(* [h/2]_q and [h/2]_+ for h : int, in terms of s with s^2 = q. *)
Definition qh (C : fieldType) (s : C) (h : int) : C := qbr (s ^+ 2) (s ^ h).
Definition qhp (C : fieldType) (s : C) (h : int) : C := qbrp (s ^+ 2) (s ^ h).

(* 2*eta = -(2N-1) *)
Definition eta2 (N : nat) : int := - (2 * N%:Z - 1).

(* Symmetrized Cartan matrix of type B_N (indices 1..N). *)
Definition bB (N i j : nat) : int :=
  if i == j then (if i == N then 1 else 2)
  else if (i.+1 == j) || (j.+1 == i) then -1 else 0.

Definition sgnb (b : bool) : int := if b then 1 else -1.

(* The common elliptic factor  [cm]_q / m * (1-p^m)/(1-p*^m) * q^(-cm),
   with p* = p q^(-2c). *)
Definition ellF (C : fieldType) (q p Qc : C) (m : int) : C :=
  qbr q (Qc ^ m) / m%:~R * ((1 - p ^ m) / (1 - (p * Qc ^ (-2)) ^ m)) * Qc ^ (- m).

(* C_m = [eta m]_q / ([m]_q^2 [2 eta m]_q) *)
Definition Cm (C : fieldType) (N : nat) (s : C) (m : int) : C :=
  qh s (eta2 N * m) / (qh s (2 * m) ^+ 2 * qh s (2 * eta2 N * m)).

(* E^{eps j}_m, eps = sgnb b:
   q^{eps j m} C_m ( q^{eps eta m} sum_{k=1}^{j-1} [k m]_q alpha_{k,m}
                     + eps sum_{k=j}^{N} [(eta+k) m]_+ alpha_{k,m} ) *)
Definition Ebos (C : fieldType) (A : algType C) (N : nat) (s : C)
    (alpha : nat -> int -> A) (b : bool) (j : nat) (m : int) : A :=
  (s ^ (2 * sgnb b * j%:Z * m) * Cm N s m) *:
    ((s ^ (sgnb b * eta2 N * m)) *: (\sum_(1 <= k < j) qh s (2 * k%:Z * m) *: alpha k m)
     + (sgnb b)%:~R *: (\sum_(j <= k < N.+1) qhp s ((eta2 N + 2 * k%:Z) * m) *: alpha k m)).

(* Write E^{±j}_m = sum_k c_k alpha_{k,m}.  By bilinearity, the commutator of E^{±j}_m
   with E^{±'j'}_{-m} is the elliptic factor times sum_{k,l} c_k [b_kl m]_q c'_l: the
   q-Cartan matrix of B_N applied to the coefficient sequence c' and paired with c.
   The sequence c' is glued at j' from two solutions of the recurrence
   [2m]_q x_l = [m]_q (x_{l-1} + x_{l+1}), namely [lm]_q below j' and [(eta+l)m]_+ from j'
   on; since eta + N = 1/2 the upper branch is symmetric about N - 1/2, which is the
   boundary condition of the short root.  Hence the Cartan matrix kills c' except on the
   rows j'-1 and j', where it returns the jumps of c' at the gluing point, and these are
   evaluated by [a+b]_+ - q^a [b]_q = q^(-b) [a]_+. *)

From HB Require Import structures.
From mathcomp Require Import all_boot all_order all_algebra.
From mathcomp Require Import ring zify.
Import Order.TTheory GRing.Theory Num.Theory.
Set Implicit Arguments. Unset Strict Implicit. Unset Printing Implicit Defensive.
Local Open Scope ring_scope.

Lemma comm_sum_scale (C : fieldType) (A : algType C) (I J : eqType)
    (r1 : seq I) (r2 : seq J) (a : I -> C) (b : J -> C) (X : I -> A) (Y : J -> A)
    (c : I -> J -> C) :
  (forall i j, i \in r1 -> j \in r2 -> comm (X i) (Y j) = (c i j)%:A) ->
  comm (\sum_(i <- r1) a i *: X i) (\sum_(j <- r2) b j *: Y j) =
  (\sum_(i <- r1) \sum_(j <- r2) a i * b j * c i j)%:A.
Proof.
move=> XY; rewrite /comm mulr_suml mulr_sumr -sumrB scaler_suml.
apply: eq_big_seq => i ri; rewrite mulr_sumr mulr_suml -sumrB scaler_suml.
apply: eq_big_seq => j rj; rewrite -scalerAl -scalerAr -scalerAl -scalerAr.
by rewrite !scalerA (mulrC (b j)) -scalerBr -/(comm _ _) XY // scalerA.
Qed.

Lemma sgnbN b : sgnb (~~ b) = - sgnb b.
Proof. by case: b. Qed.

Lemma qbr1 (C : fieldType) (q : C) : qbr q 1 = 0.
Proof. by rewrite /qbr invr1 subrr mul0r. Qed.

Lemma qbrV (C : fieldType) (q X : C) : qbr q X^-1 = - qbr q X.
Proof. by rewrite /qbr invrK -mulNr opprB. Qed.

Section QNumbers.
Variables (C : fieldType) (s : C).
Hypotheses (s0 : s != 0) (s4 : s ^+ 4 != 1).

(* The form in which [field] asks for [s ^+ 4 != 1]. *)
Let s4_field : (s * s) ^+ 2 - 1 != 0.
Proof. by rewrite subr_eq0 -expr2 -exprM. Qed.

Lemma qhN h : qh s (- h) = - qh s h.
Proof. by rewrite /qh -invr_expz qbrV. Qed.

Lemma qhpN h : qhp s (- h) = qhp s h.
Proof. by rewrite /qhp /qbrp -invr_expz invrK addrC. Qed.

ASSIGNMENT » Scan the lines above for "Definition qhp (C" and for "if i == j then (if i == N then 1 else 2)". Repeat exactly the line holding each of them and every line in between.

TASK ANSWER »
Definition qhp (C : fieldType) (s : C) (h : int) : C := qbrp (s ^+ 2) (s ^ h).

(* 2*eta = -(2N-1) *)
Definition eta2 (N : nat) : int := - (2 * N%:Z - 1).

(* Symmetrized Cartan matrix of type B_N (indices 1..N). *)
Definition bB (N i j : nat) : int :=
  if i == j then (if i == N then 1 else 2)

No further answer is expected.